And the smoke from the fires - a month and a half early, choking out the morning, the evening half-slip of the moon a blood-orange-red in the sky, spectacular sunsets for those with the time to take the pictures.
By Monday I'm done. We're all done, drinks in town, I take it easy, a couple of pints of Guinness, got to be functional on my days off.
Tuesday, my reaction to the second dose of the Vaccine. I was warned it would be worse than the first. The first, a swelling around my neck, the lymph nodes grown over large, lasted a couple of days. This time, it's my upper lip, swells like a chimpanzees or orangutans, numb, large.
The day, attending to trifles. Eat tacos. Cover them in hot sauce, try and balance the diet. Clean out the fridge, eat - whatever, everything, all of it, I'm starving, not just for food but nutrition, I'm missing it all in my diet. Go thrifting - no finds, hit the antique shop - some treasures, but nothing that I want - or need.
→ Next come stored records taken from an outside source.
(* Let $M$ be a monoid. Then $\mathbb{X}(M)$ is a strong $M$-partial order.
   Context: A monoid is a semigroup with a two-sided identity $1_M$; by convention, whenever a monoid acts on a set, $1_M$ acts as the identity. An $M$-partial order is a set $X$ with an action of $M$ and a partial order $\leq_X$ such that $x\leq_X y$ implies $ax\leq_X ay$ for all $x,y\in X$, $a\in M$. An $M$-partial order $X$ is strong if for all $y\in X$ and $a\in M$, $\{ax : x\in X,\ x\leq_X y\}=\{x\in X : x\leq_X ay\}$. $\mathbb{X}(M)=\{aM : a\in M\}$ (the set of principal right ideals of $M$), partially ordered by inclusion, with $M$ acting by left multiplication: $b\cdot(aM)=baM$. *)

From Stdlib Require Import ProofIrrelevance FunctionalExtensionality PropExtensionality.
Set Implicit Arguments.

Definition is_monoid (M : Type) (mul : M -> M -> M) (one : M) : Prop :=
  (forall a b c, mul a (mul b c) = mul (mul a b) c) /\
  (forall a, mul one a = a) /\ (forall a, mul a one = a).

Definition is_action (M X : Type) (mul : M -> M -> M) (one : M)
  (act : M -> X -> X) : Prop :=
  (forall x, act one x = x) /\
  (forall a b x, act (mul a b) x = act a (act b x)).

Definition is_partial_order (X : Type) (le : X -> X -> Prop) : Prop :=
  (forall x, le x x) /\
  (forall x y, le x y -> le y x -> x = y) /\
  (forall x y z, le x y -> le y z -> le x z).

Definition is_M_partial_order (M X : Type) (mul : M -> M -> M) (one : M)
  (act : M -> X -> X) (le : X -> X -> Prop) : Prop :=
  is_action mul one act /\ is_partial_order le /\
  (forall x y a, le x y -> le (act a x) (act a y)).

Definition is_strong_M_partial_order (M X : Type) (mul : M -> M -> M) (one : M)
  (act : M -> X -> X) (le : X -> X -> Prop) : Prop :=
  is_M_partial_order mul one act le /\
  (forall (y : X) (a : M),
     (fun z => exists x, le x y /\ z = act a x) = (fun z => le z (act a y))).

Definition rideal (M : Type) (mul : M -> M -> M) (a : M) : M -> Prop :=
  fun z => exists m, z = mul a m.

Definition XM (M : Type) (mul : M -> M -> M) : Type :=
  { S : M -> Prop | exists a, S = rideal mul a }.

Definition XM_le (M : Type) (mul : M -> M -> M) (S T : XM mul) : Prop :=
  forall z, proj1_sig S z -> proj1_sig T z.

Definition XM_act_set (M : Type) (mul : M -> M -> M) (b : M) (S : M -> Prop)
  : M -> Prop := fun w => exists z, S z /\ w = mul b z.

Lemma XM_act_principal (M : Type) (mul : M -> M -> M)
  (assoc : forall a b c, mul a (mul b c) = mul (mul a b) c)
  (b : M) (S : XM mul) :
  exists a, XM_act_set mul b (proj1_sig S) = rideal mul a.
Proof.
destruct S as [S [a ->]]; simpl; exists (mul b a).
apply functional_extensionality; intro w.
apply propositional_extensionality; unfold XM_act_set, rideal; split.
- intros [z [[m ->] ->]]. exists m. apply assoc.
- intros [m ->]. exists (mul a m). split; [exists m; reflexivity | symmetry; apply assoc].
Qed.

(* The action needs associativity (to know b.(aM) is again principal). *)
Definition XM_act (M : Type) (mul : M -> M -> M) (one : M)
  (Hmon : is_monoid mul one) (b : M) (S : XM mul) : XM mul :=
  exist _ (XM_act_set mul b (proj1_sig S))
    (@XM_act_principal M mul (proj1 Hmon) b S).

(* The action of b sends aM to (ba)M, so every operation on X(M) reduces to
   computations with generators.  For strongness, let cM <= a.(bM).  Since
   c = c1 lies in cM, c = a w with w in bM; then wM <= bM and a.(wM) = (aw)M = cM,
   so cM is the image of an element below bM. *)

From Stdlib Require Import ProofIrrelevance FunctionalExtensionality PropExtensionality.

Lemma pred_ext (T : Type) (P Q : T -> Prop) : (forall z, P z <-> Q z) -> P = Q.
Proof.
intro H; apply functional_extensionality; intro z.
apply propositional_extensionality; apply H.
Qed.

Section SubsetsOfM.

Variables (M : Type) (mul : M -> M -> M).

Lemma XM_act_set_id (one : M) (mul1m : forall a, mul one a = a) (S : M -> Prop) :
  XM_act_set mul one S = S.
Proof.
apply pred_ext; intro w; unfold XM_act_set; split.
- intros [z [Sz ->]]; rewrite mul1m; exact Sz.
- intro Sw; exists w; rewrite mul1m; auto.
Qed.

Lemma XM_act_set_mul (mulA : forall a b c, mul a (mul b c) = mul (mul a b) c)
  (a b : M) (S : M -> Prop) :
  XM_act_set mul (mul a b) S = XM_act_set mul a (XM_act_set mul b S).
Proof.
apply pred_ext; intro w; unfold XM_act_set; split.
- intros [z [Sz ->]]; exists (mul b z); split.
  + exists z; auto.
  + symmetry; apply mulA.
- intros [u [[z [Sz ->]] ->]]; exists z; auto.
Qed.

Lemma XM_act_set_mono (b : M) (S T : M -> Prop) :
  (forall z, S z -> T z) -> forall w, XM_act_set mul b S w -> XM_act_set mul b T w.
Proof. intros ST w [z [Sz ->]]; exists z; auto. Qed.

Lemma XM_act_set_rideal (mulA : forall a b c, mul a (mul b c) = mul (mul a b) c)
  (a b : M) :
  XM_act_set mul b (rideal mul a) = rideal mul (mul b a).
Proof.
apply pred_ext; intro w; unfold XM_act_set, rideal; split.
- intros [z [[m ->] ->]]; exists m; apply mulA.
- intros [m ->]; exists (mul a m); split.
  + exists m; reflexivity.
  + symmetry; apply mulA.
Qed.

Lemma rideal_refl (one : M) (mulm1 : forall a, mul a one = a) (a : M) :
  rideal mul a a.
Proof. exists one; symmetry; apply mulm1. Qed.

Lemma rideal_sub (mulA : forall a b c, mul a (mul b c) = mul (mul a b) c)
  (b w : M) : rideal mul b w -> forall z, rideal mul w z -> rideal mul b z.
Proof. intros [m ->] z [n ->]; exists (mul m n); symmetry; apply mulA. Qed.

End SubsetsOfM.

Section PrincipalRightIdeals.

Variables (M : Type) (mul : M -> M -> M) (one : M) (Hmon : is_monoid mul one).

Definition XM_of (a : M) : XM mul := exist _ (rideal mul a) (ex_intro _ a eq_refl).

Lemma XM_val_inj (S T : XM mul) : proj1_sig S = proj1_sig T -> S = T.
Proof.
destruct S as [S HS], T as [T HT]; simpl; intros ->.
f_equal; apply proof_irrelevance.
Qed.

Lemma XM_le_partial_order : is_partial_order (@XM_le M mul).
Proof.
unfold XM_le; split; [|split].
- auto.
- intros S T ST TS; apply XM_val_inj, pred_ext; split; auto.
- auto.
Qed.

Lemma XM_is_action : is_action mul one (XM_act Hmon).
Proof.
pose proof Hmon as [mulA [mul1m _]]; split.
- intro S; apply XM_val_inj; apply XM_act_set_id, mul1m.
- intros a b S; apply XM_val_inj; apply XM_act_set_mul, mulA.
Qed.

Lemma XM_act_mono (S T : XM mul) (a : M) :
  XM_le S T -> XM_le (XM_act Hmon a S) (XM_act Hmon a T).
Proof. exact (XM_act_set_mono _ _ a _ _). Qed.

Lemma XM_le_act_lift (a : M) (Y Z : XM mul) :
  XM_le Z (XM_act Hmon a Y) -> exists X, XM_le X Y /\ Z = XM_act Hmon a X.
Proof.
pose proof Hmon as [mulA [_ mulm1]].
destruct Y as [Y [b ->]], Z as [Z [c ->]]; unfold XM_le; simpl; intro cM_sub.
destruct (cM_sub c (rideal_refl _ _ _ mulm1 c)) as [w [bw ->]].
exists (XM_of w); split.
- exact (rideal_sub _ _ mulA _ _ bw).
- apply XM_val_inj; simpl; symmetry; apply XM_act_set_rideal, mulA.
Qed.

End PrincipalRightIdeals.

Theorem lemma2p1 (M : Type) (mul : M -> M -> M) (one : M)
  (Hmon : is_monoid mul one) :
  is_strong_M_partial_order mul one (@XM_act M mul one Hmon) (@XM_le M mul).
Proof.
split; [split; [|split]|].
- apply XM_is_action.
- apply XM_le_partial_order.
- intros S T a; apply XM_act_mono.
- intros Y a; apply pred_ext; intro Z; split.
  + intros [X [XY ->]]; apply XM_act_mono, XY.
  + apply XM_le_act_lift.
Qed.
(Locks, 1880's, love the detail on the faceplates that no-one would think to look at. But do I need them?)
The weekend past was great for garage sales - or - not great - but I found some necessary tools, and a boxing cushion and gloves which I passed on to the twin bus-girls at work. "Get trained" I tell them. "Foxy boxing - Sibling Rivalry - I've already started selling tickets.".
I don't think they were impressed. My daughter, she'd have been over the moon, but they're a little more sheltered.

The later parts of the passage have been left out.